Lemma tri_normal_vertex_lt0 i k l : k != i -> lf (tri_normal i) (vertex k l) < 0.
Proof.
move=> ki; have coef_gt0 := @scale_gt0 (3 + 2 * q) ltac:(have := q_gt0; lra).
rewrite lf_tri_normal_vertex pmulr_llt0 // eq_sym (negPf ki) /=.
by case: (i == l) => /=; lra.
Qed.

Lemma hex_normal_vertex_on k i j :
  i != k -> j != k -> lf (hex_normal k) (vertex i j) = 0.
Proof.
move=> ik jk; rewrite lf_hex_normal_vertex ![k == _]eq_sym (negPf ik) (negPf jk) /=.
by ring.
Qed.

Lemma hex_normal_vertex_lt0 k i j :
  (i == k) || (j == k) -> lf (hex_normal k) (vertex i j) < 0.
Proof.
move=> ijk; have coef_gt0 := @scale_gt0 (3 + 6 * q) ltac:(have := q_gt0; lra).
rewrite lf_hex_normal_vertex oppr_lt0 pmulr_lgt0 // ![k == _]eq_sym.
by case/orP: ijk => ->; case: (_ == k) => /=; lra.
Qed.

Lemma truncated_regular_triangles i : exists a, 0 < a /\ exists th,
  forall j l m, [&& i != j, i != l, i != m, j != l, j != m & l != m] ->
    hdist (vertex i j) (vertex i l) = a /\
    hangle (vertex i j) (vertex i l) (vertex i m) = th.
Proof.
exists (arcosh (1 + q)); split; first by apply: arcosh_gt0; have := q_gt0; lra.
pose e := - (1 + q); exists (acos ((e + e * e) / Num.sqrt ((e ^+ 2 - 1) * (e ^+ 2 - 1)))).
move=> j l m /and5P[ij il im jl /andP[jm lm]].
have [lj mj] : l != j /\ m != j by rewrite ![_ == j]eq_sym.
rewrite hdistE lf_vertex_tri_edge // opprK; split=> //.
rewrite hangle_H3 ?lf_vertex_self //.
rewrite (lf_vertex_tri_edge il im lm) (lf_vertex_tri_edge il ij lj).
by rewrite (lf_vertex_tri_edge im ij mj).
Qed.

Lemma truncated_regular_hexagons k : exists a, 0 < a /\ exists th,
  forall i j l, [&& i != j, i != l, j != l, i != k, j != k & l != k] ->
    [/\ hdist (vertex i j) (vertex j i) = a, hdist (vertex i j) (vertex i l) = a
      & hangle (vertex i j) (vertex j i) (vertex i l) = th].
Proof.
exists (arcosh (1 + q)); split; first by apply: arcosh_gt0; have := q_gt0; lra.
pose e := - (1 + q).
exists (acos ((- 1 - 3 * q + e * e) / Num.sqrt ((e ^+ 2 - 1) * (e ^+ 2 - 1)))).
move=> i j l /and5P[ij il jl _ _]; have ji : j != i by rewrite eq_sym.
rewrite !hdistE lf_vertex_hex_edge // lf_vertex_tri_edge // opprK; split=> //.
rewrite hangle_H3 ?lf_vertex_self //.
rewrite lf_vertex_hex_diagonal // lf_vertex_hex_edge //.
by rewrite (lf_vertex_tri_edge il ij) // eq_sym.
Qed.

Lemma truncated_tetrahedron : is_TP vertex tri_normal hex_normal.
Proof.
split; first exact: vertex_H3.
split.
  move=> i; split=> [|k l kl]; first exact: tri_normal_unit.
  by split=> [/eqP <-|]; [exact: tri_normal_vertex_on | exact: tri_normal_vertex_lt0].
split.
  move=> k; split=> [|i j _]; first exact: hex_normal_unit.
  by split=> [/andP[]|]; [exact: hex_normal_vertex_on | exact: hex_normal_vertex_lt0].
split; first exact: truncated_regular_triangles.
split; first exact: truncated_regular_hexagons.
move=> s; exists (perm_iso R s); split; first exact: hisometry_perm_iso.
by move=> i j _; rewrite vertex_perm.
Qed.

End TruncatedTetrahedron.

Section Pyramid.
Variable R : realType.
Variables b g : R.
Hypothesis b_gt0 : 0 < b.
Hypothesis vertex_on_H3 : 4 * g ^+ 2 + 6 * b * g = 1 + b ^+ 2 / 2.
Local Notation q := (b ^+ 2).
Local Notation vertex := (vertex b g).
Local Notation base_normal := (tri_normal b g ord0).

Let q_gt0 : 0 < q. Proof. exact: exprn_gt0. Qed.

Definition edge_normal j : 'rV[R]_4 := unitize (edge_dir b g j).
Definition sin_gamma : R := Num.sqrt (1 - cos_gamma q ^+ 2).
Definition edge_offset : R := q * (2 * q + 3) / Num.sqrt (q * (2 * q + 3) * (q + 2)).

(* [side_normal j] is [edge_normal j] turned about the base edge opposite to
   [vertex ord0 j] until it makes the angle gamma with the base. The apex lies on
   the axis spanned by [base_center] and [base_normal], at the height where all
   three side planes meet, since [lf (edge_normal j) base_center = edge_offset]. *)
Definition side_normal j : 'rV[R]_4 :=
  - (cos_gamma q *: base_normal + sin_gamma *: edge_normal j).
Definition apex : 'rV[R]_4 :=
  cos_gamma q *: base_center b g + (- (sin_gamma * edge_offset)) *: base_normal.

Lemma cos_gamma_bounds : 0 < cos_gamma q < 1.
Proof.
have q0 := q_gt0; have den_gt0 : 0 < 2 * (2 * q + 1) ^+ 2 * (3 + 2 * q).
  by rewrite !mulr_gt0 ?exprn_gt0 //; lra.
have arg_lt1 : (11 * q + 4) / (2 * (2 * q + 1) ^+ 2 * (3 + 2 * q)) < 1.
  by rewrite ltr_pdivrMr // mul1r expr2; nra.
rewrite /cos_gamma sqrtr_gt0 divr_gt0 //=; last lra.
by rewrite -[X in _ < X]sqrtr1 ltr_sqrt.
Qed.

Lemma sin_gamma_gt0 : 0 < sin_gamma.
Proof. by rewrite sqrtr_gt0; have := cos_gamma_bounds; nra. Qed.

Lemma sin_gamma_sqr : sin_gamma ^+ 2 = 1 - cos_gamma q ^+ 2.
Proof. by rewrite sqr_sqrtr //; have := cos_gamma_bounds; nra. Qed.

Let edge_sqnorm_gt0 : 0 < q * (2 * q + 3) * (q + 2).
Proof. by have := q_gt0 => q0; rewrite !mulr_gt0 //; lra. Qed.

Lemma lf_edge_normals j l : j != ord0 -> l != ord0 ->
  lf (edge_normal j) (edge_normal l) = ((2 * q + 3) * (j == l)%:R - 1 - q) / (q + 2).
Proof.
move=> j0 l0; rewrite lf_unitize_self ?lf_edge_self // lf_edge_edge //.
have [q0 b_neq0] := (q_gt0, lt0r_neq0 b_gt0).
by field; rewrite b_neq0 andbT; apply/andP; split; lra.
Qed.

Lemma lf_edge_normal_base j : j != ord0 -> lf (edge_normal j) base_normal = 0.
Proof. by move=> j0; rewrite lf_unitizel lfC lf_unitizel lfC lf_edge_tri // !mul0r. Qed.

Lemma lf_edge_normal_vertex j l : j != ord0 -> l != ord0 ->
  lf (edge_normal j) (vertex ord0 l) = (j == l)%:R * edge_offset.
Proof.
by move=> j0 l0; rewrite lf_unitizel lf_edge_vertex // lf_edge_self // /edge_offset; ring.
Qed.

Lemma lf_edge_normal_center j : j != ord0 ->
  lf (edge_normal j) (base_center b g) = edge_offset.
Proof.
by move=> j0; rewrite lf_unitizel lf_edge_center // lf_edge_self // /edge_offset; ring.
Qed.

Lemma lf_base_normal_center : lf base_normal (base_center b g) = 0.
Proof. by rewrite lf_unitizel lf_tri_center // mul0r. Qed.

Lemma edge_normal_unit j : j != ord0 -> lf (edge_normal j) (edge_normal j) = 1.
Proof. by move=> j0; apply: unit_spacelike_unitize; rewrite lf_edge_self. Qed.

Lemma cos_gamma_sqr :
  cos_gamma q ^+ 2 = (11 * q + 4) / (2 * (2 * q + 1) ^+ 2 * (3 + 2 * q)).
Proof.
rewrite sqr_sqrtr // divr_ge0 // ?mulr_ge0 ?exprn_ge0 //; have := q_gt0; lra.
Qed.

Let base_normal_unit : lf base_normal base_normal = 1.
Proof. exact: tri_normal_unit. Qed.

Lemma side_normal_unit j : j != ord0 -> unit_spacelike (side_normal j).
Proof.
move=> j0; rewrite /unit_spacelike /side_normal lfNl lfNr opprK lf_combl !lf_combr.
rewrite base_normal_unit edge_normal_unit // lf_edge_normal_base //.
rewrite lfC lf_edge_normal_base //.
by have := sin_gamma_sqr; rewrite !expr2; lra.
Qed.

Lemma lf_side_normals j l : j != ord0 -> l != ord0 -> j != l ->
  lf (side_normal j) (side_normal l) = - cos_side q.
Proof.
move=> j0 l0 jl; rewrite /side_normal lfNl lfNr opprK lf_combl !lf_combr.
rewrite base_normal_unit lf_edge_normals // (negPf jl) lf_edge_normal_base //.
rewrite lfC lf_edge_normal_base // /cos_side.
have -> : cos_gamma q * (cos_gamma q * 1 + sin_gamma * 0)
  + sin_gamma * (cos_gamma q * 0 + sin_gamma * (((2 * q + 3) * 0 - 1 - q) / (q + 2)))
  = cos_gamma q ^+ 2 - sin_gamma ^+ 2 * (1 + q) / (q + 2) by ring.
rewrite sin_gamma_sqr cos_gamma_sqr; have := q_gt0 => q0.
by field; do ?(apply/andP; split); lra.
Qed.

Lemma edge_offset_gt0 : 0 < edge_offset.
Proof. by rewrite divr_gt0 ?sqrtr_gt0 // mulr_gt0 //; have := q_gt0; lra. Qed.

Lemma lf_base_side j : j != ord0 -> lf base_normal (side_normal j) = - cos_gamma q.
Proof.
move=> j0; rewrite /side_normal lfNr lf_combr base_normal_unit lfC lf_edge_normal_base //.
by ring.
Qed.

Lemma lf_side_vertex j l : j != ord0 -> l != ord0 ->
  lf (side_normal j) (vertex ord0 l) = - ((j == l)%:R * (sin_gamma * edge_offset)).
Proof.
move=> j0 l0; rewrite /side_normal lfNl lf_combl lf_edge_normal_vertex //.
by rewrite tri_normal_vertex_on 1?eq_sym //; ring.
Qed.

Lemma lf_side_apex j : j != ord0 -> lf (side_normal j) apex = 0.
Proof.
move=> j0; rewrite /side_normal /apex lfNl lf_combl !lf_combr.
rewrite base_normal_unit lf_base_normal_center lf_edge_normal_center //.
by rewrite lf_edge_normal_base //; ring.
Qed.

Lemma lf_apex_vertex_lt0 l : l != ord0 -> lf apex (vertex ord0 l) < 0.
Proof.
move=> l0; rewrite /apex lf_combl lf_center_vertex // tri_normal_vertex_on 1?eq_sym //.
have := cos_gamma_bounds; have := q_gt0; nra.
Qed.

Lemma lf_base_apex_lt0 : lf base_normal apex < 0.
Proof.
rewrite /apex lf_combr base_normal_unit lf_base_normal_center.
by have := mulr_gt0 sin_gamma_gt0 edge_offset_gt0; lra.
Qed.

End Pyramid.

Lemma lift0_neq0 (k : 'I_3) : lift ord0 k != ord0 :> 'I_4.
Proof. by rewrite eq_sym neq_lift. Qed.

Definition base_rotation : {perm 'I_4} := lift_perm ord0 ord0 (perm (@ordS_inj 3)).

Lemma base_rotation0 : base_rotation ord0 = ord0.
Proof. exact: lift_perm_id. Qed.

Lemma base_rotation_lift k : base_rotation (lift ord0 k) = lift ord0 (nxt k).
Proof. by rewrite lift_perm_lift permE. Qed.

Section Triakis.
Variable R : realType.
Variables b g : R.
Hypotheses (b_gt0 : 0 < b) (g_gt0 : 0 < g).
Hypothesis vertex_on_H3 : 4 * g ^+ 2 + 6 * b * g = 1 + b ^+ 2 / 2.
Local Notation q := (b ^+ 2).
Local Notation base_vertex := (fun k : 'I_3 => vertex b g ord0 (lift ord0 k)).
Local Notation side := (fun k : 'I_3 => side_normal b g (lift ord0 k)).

◆ ◆ ◆ ◆

• **About this task**
Scan the entries above for the line containing "exists (acos ((- 1", and copy it and all lines after it exactly, down to and including the line containing "split; first exact: vertex_H3.".

• **Exercise response**
exists (acos ((- 1 - 3 * q + e * e) / Num.sqrt ((e ^+ 2 - 1) * (e ^+ 2 - 1)))).
move=> i j l /and5P[ij il jl _ _]; have ji : j != i by rewrite eq_sym.
rewrite !hdistE lf_vertex_hex_edge // lf_vertex_tri_edge // opprK; split=> //.
rewrite hangle_H3 ?lf_vertex_self //.
rewrite lf_vertex_hex_diagonal // lf_vertex_hex_edge //.
by rewrite (lf_vertex_tri_edge il ij) // eq_sym.
Qed.

Lemma truncated_tetrahedron : is_TP vertex tri_normal hex_normal.
Proof.
split; first exact: vertex_H3.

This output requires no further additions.